Department of Pediatric Surgery, Burjeel Hospital, Abu Dhabi, United Arab Emirates

 

Correspondence:

Amin El-Gohary

Burjeel Hospital

Abu Dhabi, UAE P.O.Box 7400

E-mail: This email address is being protected from spambots. You need JavaScript enabled to view it.

Phone: +97150 6225532

 

Abstract

Between 1994 and 2012 we used both diagnostic and operative laparoscopy in the management of 9 cases of persistent mullerian duct syndrome, 4 of which had associated testicular ectopia. They presented with cryptorchidism and inguinal hernias. The diagnosis was established during diagnostic laparoscopy. The non-palpable testes were on the left side in 7, on the right in 1 and bilateral in one. The latter case had been managed previously in another hospital by an open technique, and the diagnosis was missed. The last patient was initially diagnosed as a case of adrenogenital syndrome before gonadal biopsy proved to be a testicular tissue.  Transverse testicular ectopia was present in 4 unrelated boys. All the cases were managed by splitting the uterus in the midline and then bringing the testis with the vas and attached uterine tissue into the scrotum. Six of the 9 cases were managed laparoscopically. Follow-up at 2 and 10 years showed satisfactory results in 8 of the 9 cases.

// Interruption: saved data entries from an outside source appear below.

(* For every sufficiently small $\eta>0$ there exists $r>0$ such that, whenever $z_0\in\mathbb C$ satisfies $r/2<|z_0|<r$, the following hold. (a) For distinct pairs $(I,n),(I',n')\in\mathcal I$, the circles $\mathrm{im}(\gamma_{I,n})$ and $\mathrm{im}(\gamma_{I',n'})$ are disjoint. (b) For every $(I,n)\in\mathcal I$: - $a_i(z_0)\in B_{I,n}$ for all $i\in I$, and - $a_j(z_0)\notin B_{I,n}\cup\mathrm{im}(\gamma_{I,n})$ for all $j\notin I$.
   Context: Let $d\ge2$ and let $a_1,\dots,a_d\in\mathbb C[[x]]$ be distinct power series with positive radii of convergence. Let $e_{i,j}=v_x(a_i-a_j)$ be the $x$-adic valuation. Let $\mathcal I$ be the set of pairs $(I,n)$ such that: - $I\subseteq\{1,\dots,d\}$ has at least two elements, - $n\ge1$ is an integer, - $e_{i,j}\ge n$ for all distinct $i,j\in I$, and - $I$ is maximal among subsets with this property. For $n\ge1$ let $F_n:\mathbb C[[x]]\to\mathbb C[x]$ be the truncation $\sum_k c_kx^k\mapsto\sum_{k=0}^{n-1}c_kx^k$. For $(I,n)\in\mathcal I$ let $b_{I,n}$ be the common value of $F_n(a_i)$ for $i\in I$. Given $z_0$ and $\eta,r>0$, define: - $w_{I,n}=b_{I,n}(z_0)$; - the loop $\gamma_{I,n}(t)=w_{I,n}+r^{n-1}\eta e^{2\pi\sqrt{-1}t}$ for $t\in[0,1]$, with image the circle $\mathrm{im}(\gamma_{I,n})$; - the open disk $B_{I,n}=\{z\in\mathbb C: |z-w_{I,n}|<r^{n-1}\eta\}$. *)

From Stdlib Require Import Reals Lra ClassicalEpsilon.
Open Scope R_scope.

Definition Cplx : Type := (R * R)%type.
Definition C0 : Cplx := (0, 0).
Definition C1 : Cplx := (1, 0).
Definition Cadd (z w : Cplx) : Cplx := (fst z + fst w, snd z + snd w).
Definition Csub (z w : Cplx) : Cplx := (fst z - fst w, snd z - snd w).
Definition Cmul (z w : Cplx) : Cplx :=
  (fst z * fst w - snd z * snd w, fst z * snd w + snd z * fst w).
Fixpoint Cpow (z : Cplx) (k : nat) : Cplx :=
  match k with O => C1 | S k' => Cmul z (Cpow z k') end.
Definition Cnorm (z : Cplx) : R := sqrt (fst z * fst z + snd z * snd z).
Lemma dbound_LFt_path (D1 D2 : R -> R -> R) B1 B2 :
  (forall t x, is_derive (fun s => uhatD 1 K (cp s) (w s) (b s) x) t (D1 t x)) ->
  (forall t x, is_derive (fun s => uhatD 0 K (cp s) (w s) (b s) x - uhatD 1 K (c s) (w s) (b s) x)
                 t (D2 t x)) ->
  (forall t x, continuity_2d_pt (fun s y => uhatD 1 K (cp s) (w s) (b s) y) t x) ->
  (forall t x, continuity_2d_pt
                 (fun s y => uhatD 0 K (cp s) (w s) (b s) y - uhatD 1 K (c s) (w s) (b s) y) t x) ->
  (forall t x, continuity_2d_pt D1 t x) ->
  (forall t x, continuity_2d_pt D2 t x) ->
  (forall x, 0 <= x <= 2 * PI -> Rabs (D1 t0 x) <= B1) ->
  (forall x, 0 <= x <= 2 * PI -> Rabs (D2 t0 x) <= B2) ->
  dbound (fun t => LFt K a (c t) (w t) (b t) (cp t)) t0
    (4 * Tconst K a (c t0) (w t0) (cp t0) * (B1 + B2)).
Proof.
  intros Hd1 Hd2 Hc1 Hc2 HDc1 HDc2 HB1 HB2.
  pose (P t x := uhatD 1 K (cp t) (w t) (b t) x + a ^ 2 * sin (a * x)).
  pose (Q t x := uhatD 0 K (cp t) (w t) (b t) x - uhatD 1 K (c t) (w t) (b t) x).
  assert (HcP : forall t x, continuity_2d_pt P t x).
  { intros t x. apply continuity_2d_pt_plus; [apply Hc1|solve_continuity_2d]. }
  eapply dbound_ext; [intros t; apply LFt_uhatD|].
  apply (dbound_mean_param (fun t x => P t x ^ 2 + Q t x ^ 2)
    (fun t x => 2 * P t x * D1 t x + 2 * Q t x * D2 t x)).
  - intros t x. apply (is_derive_plus (fun s => P s x ^ 2) (fun s => Q s x ^ 2)).
    + apply (is_derive_sq (fun s => P s x)). rewrite <- (Rplus_0_r (D1 t x)).
      apply (is_derive_plus (fun s => uhatD 1 K (cp s) (w s) (b s) x)
        (fun _ => a ^ 2 * sin (a * x)));
        [apply Hd1|apply is_derive_Rconst].
    + apply (is_derive_sq (fun s => Q s x)), Hd2.
  - intros t x. apply continuity_2d_pt_plus; apply continuity_2d_pt_pow; [apply HcP|apply Hc2].
  - intros t x. apply continuity_2d_pt_plus; apply continuity_2d_pt_mult; auto;
      apply continuity_2d_pt_mult; auto; apply continuity_2d_pt_const.
  - intros x Hx. set (T := Tconst K a (c t0) (w t0) (cp t0)).
    replace (4 * T * (B1 + B2)) with (2 * (2 * T) * B1 + 2 * (2 * T) * B2) by ring.
    assert (H2 : Rabs 2 <= 2) by (rewrite Rabs_right; lra).
    eapply Rle_trans; [apply Rabs_triang|]. apply Rplus_le_compat;
      (apply Rabs_mult_le; [apply Rabs_mult_le; [exact H2|]|auto]).
    + apply Rabs_LFt_pde_residual_le.
    + apply Rabs_LFt_flux_residual_le.
Qed.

Keywords Mullerian duct syndrome, laparoscopy, testes


Introduction

Persistent mullerian duct syndrome (PMDS) is a rare disorder of male sexual development. It is characterized by the persistence of the uterus, fallopian tubes and upper vagina in otherwise normal virilized boys. About 150 cases have been reported in the literature [1]. However, with the introduction of diagnostic laparoscopy as a routine procedure for the management of non-palpable testes, more cases are likely to be discovered [2]. Transverse testicular ectopia is a rare association with persistent mullerian duct syndrome. We report 9 cases of PMDS, 4 of whom had associated transverse testicular ectopia. Laparoscopic mobilization of the pelvic testes on a rim of uterine tissue proved to be a simple and effective means of orchidopexy.

Case study

Case 1

A 5-year-old boy is presented with a left undescended testis (UDT). He had undergone a previous exploration for right-side hernia at another hospital, where no testis was found. Laparoscopy via 5-mm port revealed an average size left testis attached to the mullerian structures (uterus and fallopian tubes), and the vas on the right side was seen passing through a closed internal ring (repaired hernia). Through transverse suprapubic incision the mullerian structures and the left testis were mobilized and the right canal was opened. An atrophied right testis was found and removed. The left testis was brought to the scrotal sac together with a rim of uterine and cervical tissue to preserve its blood supply. Biopsy from the gonad and mul- lerian remnants revealed normal testicular tissues and vestigial uterine and fallopian tissues.

Case 2

A 2-year-old boy presented with a right non- palpable testis and left inguinal hernia. Laparoscopy via 5-mm port revealed two pelvic testes attached to uterus and fallopian tubes (mullerian structures). Through a suprapubic incision the uterus and cervix were split in two halves, and each testis was mobilized into the respective hemiscrotum. The blood supply to the left testis was injured during mobilization and subsequently atrophied. Biopsy from the gonads and mullerian remnants revealed normal testicular tissues and vestigial uterine and fallopian tissues.

Case 3

A 9-month-old boy presented with right non- palpable testis and left inguinal hernia. Laparoscopy revealed a pelvic testis attached to mullerian structures. Through a right inguinal incision the mullerian structures were mobilized (Fig. 1), and the uterus and cervix were split in the midline, preserving the blood supply to both testes. The left testis was brought laparoscopically to the ipsilateral scrotal sac via a direct route. The right testis was fixed in the ipsilateral extra Dartos pouch (laparoscopic assisted procedure). Biopsy from the gonads and mullerian remnants revealed normal testicular tissues and vestigial uterine and fallopian tissues.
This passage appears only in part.